> Information given

(* Let $n\geq1$, $\eta\in\Omega$, $l\in\{1,\ldots,n\}$ and $(r_1,\ldots,r_l)\in\mathbb N^l$. For $1\leq i\leq l$ let $T_{i,\eta}+r_i=\{v+(r_i,r_i):v\in T_{i,\eta}\}$. Then $$\mathrm{span}_{\mathbb C}\{\bar v: v\in T_{0,\eta}\cup\textstyle\bigcup_{i=1}^l(T_{i,\eta}+r_i)\}=\mathrm{span}_{\mathbb C}\{\bar v:v\in\bigcup_{i=0}^lT_{i,\eta}\}.$$ In particular, $\overline{v_{l,\eta}+(r,r)}\in\mathrm{span}_{\mathbb C}\{\bar v:v\in\bigcup_{i=0}^lT_{i,\eta}\}$ for all $r\in\mathbb N$.
   Context: $n\geq1$ is fixed. $\Lambda_{2,n}=\{\alpha\in\mathbb N^2:1\leq\alpha_1+\alpha_2\leq n\}$, $\lambda_{2,n}=|\Lambda_{2,n}|$; for $v\in\mathbb N^2$, $\bar v=\big(\binom{v_1}{\alpha_1}\binom{v_2}{\alpha_2}\big)_{\alpha\in\Lambda_{2,n}}\in\mathbb C^{\lambda_{2,n}}$. $\Omega$ is the set of sequences $\eta=(z,d_0,d_1,\ldots,d_r)$ with $z\in\{0,1\}$, $d_0=0$, $d_i\geq1$ for $1\leq i\leq r$, $\sum_{i=0}^rd_i=n$. For $j\in\{1,\ldots,n\}$ let $t\in\{1,\ldots,r\}$ be unique with $\sum_{i=0}^{t-1}d_i<j\leq\sum_{i=0}^td_i$, $c=j-\sum_{i=0}^{t-1}d_i$; $v_{j,\eta}=(\sum_{i\text{ odd},i<t}d_i+c,0)$ if $z=1,t$ odd; $(0,\sum_{i\text{ even},i<t}d_i+c)$ if $z=1,t$ even; $(0,\sum_{i\text{ odd},i<t}d_i+c)$ if $z=0,t$ odd; $(\sum_{i\text{ even},i<t}d_i+c,0)$ if $z=0,t$ even. $T_{j,\eta}=\{v_{j,\eta}+p(1,1):0\leq p\leq n-j\}$ for $1\leq j\leq n$, and $T_{0,\eta}=\{(p,p):1\leq p\leq n\}$. *)

From HB Require Import structures.
From mathcomp Require Import all_boot all_order all_algebra algC.
Set Implicit Arguments. Unset Strict Implicit. Unset Printing Implicit Defensive.
Import Order.TTheory GRing.Theory Num.Theory.

(* Lambda_{2,n} = {alpha in N^2 : 1 <= alpha_1 + alpha_2 <= n}, as a finite type
   (both coordinates are automatically <= n). *)
Definition Lam (n : nat) := {a : 'I_n.+1 * 'I_n.+1 | (0 < a.1 + a.2 <= n)%N}.

(* The complex vector space C^{lambda_{2,n}}, coordinates indexed by Lam n.
   Complex numbers are the algebraic complex numbers algC (all vectors involved
   have integer entries). *)
Definition CLam (n : nat) := {ffun Lam n -> algC^o}.

Definition vbar (n : nat) (v : nat * nat) : CLam n :=
  [ffun a : Lam n => (('C(v.1, (val a).1) * 'C(v.2, (val a).2))%N)%:R%R].

Local Open Scope ring_scope.
Definition spanC (n : nat) (S : seq (nat * nat)) : {vspace CLam n} :=
  <<[seq vbar n v | v <- S]>>%VS.
Local Close Scope ring_scope.

(* eta = (z, d_0, d_1, ..., d_r) is represented by z : bool (z = 1 iff true)
   and ds = [:: d_1; ...; d_r]; d_0 = 0 is implicit. *)
Definition in_Omega (n : nat) (z : bool) (ds : seq nat) : Prop :=
  all (fun d => 0 < d) ds /\ sumn ds = n.

Definition dseq (ds : seq nat) : seq nat := 0 :: ds.

Definition psum (ds : seq nat) (t : nat) : nat := sumn (take t (dseq ds)).

Definition tidx (ds : seq nat) (j : nat) : nat :=
  find (fun t => j <= psum ds t.+1) (iota 0 (size ds).+1).

Definition odd_sum (ds : seq nat) (t : nat) : nat :=
  \sum_(i < t | odd i) nth 0 (dseq ds) i.
Definition even_sum (ds : seq nat) (t : nat) : nat :=
  \sum_(i < t | ~~ odd i) nth 0 (dseq ds) i.

Definition v_eta (z : bool) (ds : seq nat) (j : nat) : nat * nat :=
  let t := tidx ds j in
  let c := j - psum ds t in
  if z then
    (if odd t then (odd_sum ds t + c, 0) else (0, even_sum ds t + c))
  else
    (if odd t then (0, odd_sum ds t + c) else (even_sum ds t + c, 0)).

Definition T_eta (n : nat) (z : bool) (ds : seq nat) (j : nat) : seq (nat * nat) :=
  if j == 0 then [seq (p, p) | p <- iota 1 n]
  else [seq ((v_eta z ds j).1 + p, (v_eta z ds j).2 + p) | p <- iota 0 (n - j).+1].

Definition shiftT (T : seq (nat * nat)) (r : nat) : seq (nat * nat) :=
  [seq (v.1 + r, v.2 + r) | v <- T].

From HB Require Import structures.
From mathcomp Require Import all_boot all_order all_algebra algC.
From mathcomp Require Import zify.

(* The map (x, y) |-> vbar (x, y) is polynomial of total degree at most n, in
   the sense of finite differences.  The points v_0 = (0, 0), v_1, ..., v_n form
   a walk along the two axes, each step going one unit further out on one axis;
   hence if v_i = (c, 0), the diagonals through (c, j), 1 <= j <= i, pass through
   earlier points v_i'.  Modulo a span that already contains those diagonals, the
   i-th y-difference of vbar agrees with vbar on the diagonal of v_i, and there
   it is a polynomial of degree at most n - i, so it is determined by the n - i + 1
   consecutive values given by T_i (or by T_i + r_i).  By induction on i, the
   whole diagonal of every v_i, i <= l, lies in both spans, while both generating
   sets lie on these diagonals. *)

Set Implicit Arguments. Unset Strict Implicit. Unset Printing Implicit Defensive.
Import GRing.Theory.
Local Open Scope ring_scope.

Section FiniteDifferences.
Variable V : zmodType.
Implicit Types (F G : nat -> nat -> V) (h : nat -> V).

Definition diffx F x y := F x.+1 y - F x y.
Definition diffy F x y := F x y.+1 - F x y.

Fixpoint deg2_le d F : Prop :=
  match d with
  | 0 => forall x y, F x.+1 y = F x y /\ F x y.+1 = F x y
  | d'.+1 => deg2_le d' (diffx F) /\ deg2_le d' (diffy F)
  end.

Fixpoint deg1_le d h : Prop :=
  match d with
  | 0 => forall q, h q.+1 = h q
  | d'.+1 => deg1_le d' (fun q => h q.+1 - h q)
  end.

Lemma eq_deg2_le d F G : F =2 G -> deg2_le d F -> deg2_le d G.
Proof.
elim: d F G => [|d IHd] F G eFG /=; first by move=> cF x y; rewrite -!eFG.
case=> dx dy; split; [apply: IHd dx | apply: IHd dy] => x y.
  by rewrite /diffx !eFG.
by rewrite /diffy !eFG.
Qed.

Lemma eq_deg1_le d h g : h =1 g -> deg1_le d h -> deg1_le d g.
Proof.
elim: d h g => [|d IHd] h g ehg /=; first by move=> ch q; rewrite -!ehg.
by apply: IHd => q; rewrite !ehg.
Qed.

Lemma deg2_le_const d (a : V) : deg2_le d (fun _ _ => a).
Proof.
elim: d a => [|d IHd] a /=; first by [].
by split; apply: eq_deg2_le (IHd 0) => x y; rewrite /diffx /diffy subrr.
Qed.

Lemma deg2_le_swap d F : deg2_le d F -> deg2_le d (fun x y => F y x).
Proof.
elim: d F => [|d IHd] F /=; first by move=> cF x y; case: (cF y x).
by case=> dx dy; split; [apply: IHd dy | apply: IHd dx].
Qed.

Lemma deg2_le_shifty d F : deg2_le d F -> deg2_le d (fun x y => F x y.+1).
Proof.
elim: d F => [|d IHd] F /=; first by move=> cF x y; apply: cF.
by case=> dx dy; split; [apply: IHd dx | apply: IHd dy].
Qed.

Lemma deg2_leD d F G :
  deg2_le d F -> deg2_le d G -> deg2_le d (fun x y => F x y + G x y).
Proof.
elim: d F G => [|d IHd] F G /=.
  by move=> cF cG x y; case: (cF x y) => -> ->; case: (cG x y) => -> ->.
case=> dFx dFy [dGx dGy]; split.
  by apply: eq_deg2_le (IHd _ _ dFx dGx) => x y; rewrite /diffx opprD addrACA.
by apply: eq_deg2_le (IHd _ _ dFy dGy) => x y; rewrite /diffy opprD addrACA.
Qed.

Lemma deg2_le_diffxy d F :
  deg2_le d.+1 F -> deg2_le d (fun x y => F x.+1 y.+1 - F x y).
Proof.
case=> dx dy; apply: eq_deg2_le (deg2_leD (deg2_le_shifty dx) dy) => x y.
by rewrite /diffx /diffy addrA subrK.
Qed.

Lemma deg2_le_iter_diffy k e F : deg2_le (k + e) F -> deg2_le e (iter k diffy F).
Proof. by elim: k F => [|k IHk] F //; rewrite addSn iterSr => -[_ /IHk]. Qed.

Lemma deg2_le_diag d c F : deg2_le d F -> deg1_le d (fun q => F (c + q)%N q).
Proof.
elim: d F => [|d IHd] F /=.
  by move=> cF q; rewrite addnS; case: (cF (c + q)%N q.+1) => -> _; case: (cF (c + q)%N q).
move=> dF; apply: eq_deg1_le (IHd _ (deg2_le_diffxy dF)) => q.
by rewrite addnS.
Qed.

Variable S : zmodClosed V.

Lemma mem_of_step_invariant h s :
  (forall q, (h q.+1 \in S) = (h q \in S)) -> h s \in S -> forall q, h q \in S.
Proof.
move=> hS hs; suff memE q : (h q \in S) = (h 0%N \in S) by move=> q; rewrite memE -(memE s).
by elim: q => // q <-; apply: hS.
Qed.

Lemma deg1_le_mem d h s :
  deg1_le d h -> (forall p, (p <= d)%N -> h (s + p)%N \in S) -> forall q, h q \in S.
Proof.
elim: d h s => [|d IHd] h s dh hs; apply: (mem_of_step_invariant (s := s)).
- by move=> q; rewrite dh.
- by rewrite -[s]addn0 hs.
- have dS q : h q.+1 - h q \in S.
    apply: (IHd (fun q => h q.+1 - h q) s dh) => p lepd.
    by rewrite -addnS; apply: rpredB; apply: hs; lia.
  by move=> q; rewrite -[h q.+1](subrK (h q)) rpredDl.
- by rewrite -[s]addn0 hs.
Qed.

Lemma mem_iter_diffy k F x y :
  (forall j, (0 < j <= k)%N -> F x (y + j)%N \in S) ->
  (iter k diffy F x y \in S) = (F x y \in S).
Proof.
elim: k F y => [|k IHk] F y // FS; rewrite iterSr IHk /diffy.
  by rewrite rpredBl // -addn1 FS.
by move=> j lejk; rewrite -addnS; apply: rpredB; apply: FS; lia.
Qed.

Lemma deg2_le_diag_mem n i c s F :
  (i <= n)%N -> deg2_le n F ->
  (forall j, (0 < j <= i)%N -> forall q, F (c + q)%N (q + j)%N \in S) ->
  (forall p, (p <= n - i)%N -> F (c + (s + p))%N (s + p)%N \in S) ->
  forall q, F (c + q)%N q \in S.
Proof.
move=> lein dF sideS windowS.
have memE q : (iter i diffy F (c + q)%N q \in S) = (F (c + q)%N q \in S).
  by apply: mem_iter_diffy => j /sideS.
have dG : deg2_le (n - i) (iter i diffy F) by apply: deg2_le_iter_diffy; rewrite subnKC.
move=> q; rewrite -memE; apply: (deg1_le_mem (s := s) (deg2_le_diag c dG)) => p lep.
by rewrite memE windowS.
Qed.
End FiniteDifferences.

Lemma deg2_le_binom (R : pzRingType) d p q : (p + q <= d)%N ->
  deg2_le d (fun x y => ('C(x, p) * 'C(y, q))%:R : R).
Proof.
elim: d p q => [|d IHd] p q /=.
  by rewrite leqn0 addn_eq0 => /andP[/eqP-> /eqP->] x y; rewrite !bin0.
move=> lepq; split.
  case: p lepq => [|p] lepq.
    by apply: eq_deg2_le (deg2_le_const d 0) => x y; rewrite /diffx !bin0 subrr.
  apply: eq_deg2_le (IHd p q _) => [x y|]; last by lia.
  by rewrite /diffx binS mulnDl natrD addrAC subrr add0r.
case: q lepq => [|q] lepq.
  by apply: eq_deg2_le (deg2_le_const d 0) => x y; rewrite /diffy !bin0 subrr.
apply: eq_deg2_le (IHd p q _) => [x y|]; last by lia.
by rewrite /diffy binS mulnDr natrD addrAC subrr add0r.
Qed.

> About this exercise
Take the listing above and repeat exactly the lines from the one containing "Definition spanC (n" through the one containing "From mathcomp Require Import zify.", both included.

> Task response
Definition spanC (n : nat) (S : seq (nat * nat)) : {vspace CLam n} :=
  <<[seq vbar n v | v <- S]>>%VS.
Local Close Scope ring_scope.

(* eta = (z, d_0, d_1, ..., d_r) is represented by z : bool (z = 1 iff true)
   and ds = [:: d_1; ...; d_r]; d_0 = 0 is implicit. *)
Definition in_Omega (n : nat) (z : bool) (ds : seq nat) : Prop :=
  all (fun d => 0 < d) ds /\ sumn ds = n.

Definition dseq (ds : seq nat) : seq nat := 0 :: ds.

Definition psum (ds : seq nat) (t : nat) : nat := sumn (take t (dseq ds)).

Definition tidx (ds : seq nat) (j : nat) : nat :=
  find (fun t => j <= psum ds t.+1) (iota 0 (size ds).+1).

Definition odd_sum (ds : seq nat) (t : nat) : nat :=
  \sum_(i < t | odd i) nth 0 (dseq ds) i.
Definition even_sum (ds : seq nat) (t : nat) : nat :=
  \sum_(i < t | ~~ odd i) nth 0 (dseq ds) i.

Definition v_eta (z : bool) (ds : seq nat) (j : nat) : nat * nat :=
  let t := tidx ds j in
  let c := j - psum ds t in
  if z then
    (if odd t then (odd_sum ds t + c, 0) else (0, even_sum ds t + c))
  else
    (if odd t then (0, odd_sum ds t + c) else (even_sum ds t + c, 0)).

Definition T_eta (n : nat) (z : bool) (ds : seq nat) (j : nat) : seq (nat * nat) :=
  if j == 0 then [seq (p, p) | p <- iota 1 n]
  else [seq ((v_eta z ds j).1 + p, (v_eta z ds j).2 + p) | p <- iota 0 (n - j).+1].

Definition shiftT (T : seq (nat * nat)) (r : nat) : seq (nat * nat) :=
  [seq (v.1 + r, v.2 + r) | v <- T].

From HB Require Import structures.
From mathcomp Require Import all_boot all_order all_algebra algC.
From mathcomp Require Import zify.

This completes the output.